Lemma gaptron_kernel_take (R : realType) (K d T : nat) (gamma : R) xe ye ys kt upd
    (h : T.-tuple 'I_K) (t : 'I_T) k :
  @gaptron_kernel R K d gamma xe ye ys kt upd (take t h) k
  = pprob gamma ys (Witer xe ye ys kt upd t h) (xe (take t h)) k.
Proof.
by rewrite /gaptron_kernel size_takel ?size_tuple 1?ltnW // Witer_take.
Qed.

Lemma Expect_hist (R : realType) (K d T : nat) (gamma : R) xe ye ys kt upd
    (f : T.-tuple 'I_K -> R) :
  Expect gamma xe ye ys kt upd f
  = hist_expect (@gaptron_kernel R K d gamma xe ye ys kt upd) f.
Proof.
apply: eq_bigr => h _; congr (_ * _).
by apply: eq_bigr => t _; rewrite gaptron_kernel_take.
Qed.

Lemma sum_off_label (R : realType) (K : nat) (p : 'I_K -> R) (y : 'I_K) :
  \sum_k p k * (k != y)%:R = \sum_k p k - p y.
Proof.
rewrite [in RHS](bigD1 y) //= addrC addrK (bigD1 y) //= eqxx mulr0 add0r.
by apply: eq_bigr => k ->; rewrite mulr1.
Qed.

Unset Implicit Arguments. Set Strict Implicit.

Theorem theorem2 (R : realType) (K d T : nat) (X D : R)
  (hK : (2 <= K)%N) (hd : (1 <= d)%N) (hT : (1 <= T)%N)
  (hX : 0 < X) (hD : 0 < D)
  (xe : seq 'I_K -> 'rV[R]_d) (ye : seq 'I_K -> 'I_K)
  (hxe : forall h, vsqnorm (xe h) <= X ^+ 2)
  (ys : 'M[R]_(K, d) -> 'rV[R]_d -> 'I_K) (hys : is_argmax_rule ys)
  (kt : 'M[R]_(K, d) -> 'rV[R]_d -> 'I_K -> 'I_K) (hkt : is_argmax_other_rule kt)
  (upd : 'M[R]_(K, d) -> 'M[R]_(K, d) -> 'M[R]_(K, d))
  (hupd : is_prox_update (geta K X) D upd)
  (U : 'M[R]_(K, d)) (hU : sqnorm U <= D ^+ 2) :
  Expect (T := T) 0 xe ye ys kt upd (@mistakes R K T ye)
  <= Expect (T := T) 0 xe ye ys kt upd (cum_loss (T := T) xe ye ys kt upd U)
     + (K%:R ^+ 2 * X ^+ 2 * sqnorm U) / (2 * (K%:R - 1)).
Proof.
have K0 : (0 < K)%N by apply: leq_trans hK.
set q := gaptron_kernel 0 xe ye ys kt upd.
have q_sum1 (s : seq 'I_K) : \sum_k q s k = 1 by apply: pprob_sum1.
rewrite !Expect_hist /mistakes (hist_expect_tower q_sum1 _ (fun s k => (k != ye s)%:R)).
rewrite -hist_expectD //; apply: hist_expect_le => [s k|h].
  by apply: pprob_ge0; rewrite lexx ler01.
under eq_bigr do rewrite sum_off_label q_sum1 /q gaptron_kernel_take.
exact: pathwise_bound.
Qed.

§

▸ **TASK PROMPT**:
Find the line containing "(hxe : forall h, vsqnorm (xe h) <= X ^+ 2)" in the data above. Please transcribe it and every line after it, exactly.

▸ **TASK SOLUTION**:
  (hxe : forall h, vsqnorm (xe h) <= X ^+ 2)
  (ys : 'M[R]_(K, d) -> 'rV[R]_d -> 'I_K) (hys : is_argmax_rule ys)
  (kt : 'M[R]_(K, d) -> 'rV[R]_d -> 'I_K -> 'I_K) (hkt : is_argmax_other_rule kt)
  (upd : 'M[R]_(K, d) -> 'M[R]_(K, d) -> 'M[R]_(K, d))
  (hupd : is_prox_update (geta K X) D upd)
  (U : 'M[R]_(K, d)) (hU : sqnorm U <= D ^+ 2) :
  Expect (T := T) 0 xe ye ys kt upd (@mistakes R K T ye)
  <= Expect (T := T) 0 xe ye ys kt upd (cum_loss (T := T) xe ye ys kt upd U)
     + (K%:R ^+ 2 * X ^+ 2 * sqnorm U) / (2 * (K%:R - 1)).
Proof.
have K0 : (0 < K)%N by apply: leq_trans hK.
set q := gaptron_kernel 0 xe ye ys kt upd.
have q_sum1 (s : seq 'I_K) : \sum_k q s k = 1 by apply: pprob_sum1.
rewrite !Expect_hist /mistakes (hist_expect_tower q_sum1 _ (fun s k => (k != ye s)%:R)).
rewrite -hist_expectD //; apply: hist_expect_le => [s k|h].
  by apply: pprob_ge0; rewrite lexx ler01.
under eq_bigr do rewrite sum_off_label q_sum1 /q gaptron_kernel_take.
exact: pathwise_bound.
Qed.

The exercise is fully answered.